YOUR GOAL – Take the lines below between the one holding "F (val i) alpha" and the one holding "let hc := if", inclusive, and copy them exactly. Add nothing.

DATA EXTRACT –

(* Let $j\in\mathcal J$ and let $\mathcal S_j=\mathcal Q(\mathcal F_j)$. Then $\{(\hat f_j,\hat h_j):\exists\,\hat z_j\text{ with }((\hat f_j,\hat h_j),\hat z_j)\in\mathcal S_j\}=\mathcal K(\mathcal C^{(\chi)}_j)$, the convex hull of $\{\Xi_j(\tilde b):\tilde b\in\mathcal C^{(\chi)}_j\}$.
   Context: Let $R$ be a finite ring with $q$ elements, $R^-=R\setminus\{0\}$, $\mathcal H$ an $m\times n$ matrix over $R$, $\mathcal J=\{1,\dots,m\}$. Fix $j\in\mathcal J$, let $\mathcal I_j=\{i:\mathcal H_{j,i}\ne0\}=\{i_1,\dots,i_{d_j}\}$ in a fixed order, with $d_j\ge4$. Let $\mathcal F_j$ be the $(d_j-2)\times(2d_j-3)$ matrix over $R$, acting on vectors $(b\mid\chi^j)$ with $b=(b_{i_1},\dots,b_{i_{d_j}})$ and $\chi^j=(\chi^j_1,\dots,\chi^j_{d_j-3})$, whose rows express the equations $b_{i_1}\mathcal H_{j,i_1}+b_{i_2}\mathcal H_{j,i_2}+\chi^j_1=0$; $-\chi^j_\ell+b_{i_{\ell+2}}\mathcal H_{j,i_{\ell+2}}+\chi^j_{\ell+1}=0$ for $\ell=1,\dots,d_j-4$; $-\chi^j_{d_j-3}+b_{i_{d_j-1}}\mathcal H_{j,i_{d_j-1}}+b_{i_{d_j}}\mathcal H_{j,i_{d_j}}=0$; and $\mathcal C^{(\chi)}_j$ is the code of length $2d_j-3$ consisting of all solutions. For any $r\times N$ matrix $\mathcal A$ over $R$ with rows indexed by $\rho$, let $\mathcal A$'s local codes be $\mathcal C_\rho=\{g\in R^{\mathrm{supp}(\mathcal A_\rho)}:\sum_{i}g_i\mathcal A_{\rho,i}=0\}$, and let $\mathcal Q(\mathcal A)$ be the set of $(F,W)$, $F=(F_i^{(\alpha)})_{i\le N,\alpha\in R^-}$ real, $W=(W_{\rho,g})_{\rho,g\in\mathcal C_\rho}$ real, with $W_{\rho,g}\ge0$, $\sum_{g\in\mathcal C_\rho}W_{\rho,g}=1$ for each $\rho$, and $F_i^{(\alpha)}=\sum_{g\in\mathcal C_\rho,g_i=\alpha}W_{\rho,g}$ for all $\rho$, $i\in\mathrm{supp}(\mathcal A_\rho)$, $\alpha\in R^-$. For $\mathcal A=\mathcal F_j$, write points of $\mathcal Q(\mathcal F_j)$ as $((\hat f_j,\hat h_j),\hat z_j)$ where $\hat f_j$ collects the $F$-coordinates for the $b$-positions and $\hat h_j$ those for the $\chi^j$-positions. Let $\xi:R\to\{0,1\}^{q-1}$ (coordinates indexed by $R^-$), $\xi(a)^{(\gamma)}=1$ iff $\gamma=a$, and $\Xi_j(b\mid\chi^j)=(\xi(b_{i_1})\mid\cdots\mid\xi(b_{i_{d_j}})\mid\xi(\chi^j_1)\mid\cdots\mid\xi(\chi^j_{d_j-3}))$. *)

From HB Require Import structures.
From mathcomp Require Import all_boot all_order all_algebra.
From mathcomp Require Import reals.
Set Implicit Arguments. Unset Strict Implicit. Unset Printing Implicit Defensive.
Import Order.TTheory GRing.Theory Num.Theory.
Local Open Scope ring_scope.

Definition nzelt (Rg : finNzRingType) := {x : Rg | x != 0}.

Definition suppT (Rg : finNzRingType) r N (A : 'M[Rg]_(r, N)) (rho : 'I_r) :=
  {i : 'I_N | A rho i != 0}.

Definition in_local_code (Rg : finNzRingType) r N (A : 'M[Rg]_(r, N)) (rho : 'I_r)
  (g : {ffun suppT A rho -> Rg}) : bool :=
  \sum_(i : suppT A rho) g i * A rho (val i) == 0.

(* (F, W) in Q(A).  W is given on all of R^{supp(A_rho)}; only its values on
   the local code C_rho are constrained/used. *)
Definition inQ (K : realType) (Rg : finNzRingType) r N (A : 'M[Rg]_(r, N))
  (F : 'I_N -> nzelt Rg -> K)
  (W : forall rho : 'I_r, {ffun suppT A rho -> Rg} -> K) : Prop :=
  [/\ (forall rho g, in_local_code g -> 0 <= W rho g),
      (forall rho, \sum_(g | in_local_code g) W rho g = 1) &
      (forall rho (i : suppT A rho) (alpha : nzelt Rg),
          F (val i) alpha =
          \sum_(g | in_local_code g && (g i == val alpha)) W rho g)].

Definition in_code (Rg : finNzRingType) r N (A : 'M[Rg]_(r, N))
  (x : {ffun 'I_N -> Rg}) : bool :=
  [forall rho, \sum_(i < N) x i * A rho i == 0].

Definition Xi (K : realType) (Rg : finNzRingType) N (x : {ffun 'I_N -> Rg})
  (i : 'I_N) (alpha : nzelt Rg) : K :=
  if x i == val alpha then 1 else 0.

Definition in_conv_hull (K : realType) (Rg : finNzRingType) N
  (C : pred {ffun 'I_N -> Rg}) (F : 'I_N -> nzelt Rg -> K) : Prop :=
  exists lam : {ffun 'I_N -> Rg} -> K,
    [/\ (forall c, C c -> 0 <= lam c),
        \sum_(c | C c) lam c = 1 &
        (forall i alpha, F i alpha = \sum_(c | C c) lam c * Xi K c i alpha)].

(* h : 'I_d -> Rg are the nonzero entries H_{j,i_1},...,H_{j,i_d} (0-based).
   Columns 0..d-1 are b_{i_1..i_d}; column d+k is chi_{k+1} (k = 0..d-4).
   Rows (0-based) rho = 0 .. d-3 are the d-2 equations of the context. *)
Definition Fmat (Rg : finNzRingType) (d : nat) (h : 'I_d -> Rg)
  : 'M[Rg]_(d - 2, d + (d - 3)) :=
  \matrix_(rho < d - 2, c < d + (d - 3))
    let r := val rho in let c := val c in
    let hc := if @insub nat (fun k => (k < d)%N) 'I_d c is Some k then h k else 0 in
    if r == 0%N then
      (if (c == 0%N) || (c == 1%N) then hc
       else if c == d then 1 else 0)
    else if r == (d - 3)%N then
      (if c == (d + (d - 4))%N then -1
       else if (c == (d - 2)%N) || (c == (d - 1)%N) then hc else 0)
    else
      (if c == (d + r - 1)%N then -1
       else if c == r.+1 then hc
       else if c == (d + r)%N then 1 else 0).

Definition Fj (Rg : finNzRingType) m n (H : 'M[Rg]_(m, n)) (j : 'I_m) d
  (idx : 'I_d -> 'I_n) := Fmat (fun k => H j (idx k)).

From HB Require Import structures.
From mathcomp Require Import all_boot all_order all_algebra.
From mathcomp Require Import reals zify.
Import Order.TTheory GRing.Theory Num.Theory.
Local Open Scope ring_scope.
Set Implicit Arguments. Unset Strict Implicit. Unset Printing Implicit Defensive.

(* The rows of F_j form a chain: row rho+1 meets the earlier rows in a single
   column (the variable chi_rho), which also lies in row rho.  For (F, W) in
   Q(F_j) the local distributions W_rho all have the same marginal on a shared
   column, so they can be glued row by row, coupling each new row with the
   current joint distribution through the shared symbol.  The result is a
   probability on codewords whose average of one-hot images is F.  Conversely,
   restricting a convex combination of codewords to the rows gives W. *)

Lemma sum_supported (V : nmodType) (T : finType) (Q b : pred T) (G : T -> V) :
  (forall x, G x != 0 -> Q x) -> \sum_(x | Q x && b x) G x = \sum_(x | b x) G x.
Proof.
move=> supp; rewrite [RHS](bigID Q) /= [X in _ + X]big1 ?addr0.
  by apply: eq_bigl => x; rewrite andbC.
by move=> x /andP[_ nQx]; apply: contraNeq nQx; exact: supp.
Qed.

TASK SOLUTION –
          F (val i) alpha =
          \sum_(g | in_local_code g && (g i == val alpha)) W rho g)].

Definition in_code (Rg : finNzRingType) r N (A : 'M[Rg]_(r, N))
  (x : {ffun 'I_N -> Rg}) : bool :=
  [forall rho, \sum_(i < N) x i * A rho i == 0].

Definition Xi (K : realType) (Rg : finNzRingType) N (x : {ffun 'I_N -> Rg})
  (i : 'I_N) (alpha : nzelt Rg) : K :=
  if x i == val alpha then 1 else 0.

Definition in_conv_hull (K : realType) (Rg : finNzRingType) N
  (C : pred {ffun 'I_N -> Rg}) (F : 'I_N -> nzelt Rg -> K) : Prop :=
  exists lam : {ffun 'I_N -> Rg} -> K,
    [/\ (forall c, C c -> 0 <= lam c),
        \sum_(c | C c) lam c = 1 &
        (forall i alpha, F i alpha = \sum_(c | C c) lam c * Xi K c i alpha)].

(* h : 'I_d -> Rg are the nonzero entries H_{j,i_1},...,H_{j,i_d} (0-based).
   Columns 0..d-1 are b_{i_1..i_d}; column d+k is chi_{k+1} (k = 0..d-4).
   Rows (0-based) rho = 0 .. d-3 are the d-2 equations of the context. *)
Definition Fmat (Rg : finNzRingType) (d : nat) (h : 'I_d -> Rg)
  : 'M[Rg]_(d - 2, d + (d - 3)) :=
  \matrix_(rho < d - 2, c < d + (d - 3))
    let r := val rho in let c := val c in
    let hc := if @insub nat (fun k => (k < d)%N) 'I_d c is Some k then h k else 0 in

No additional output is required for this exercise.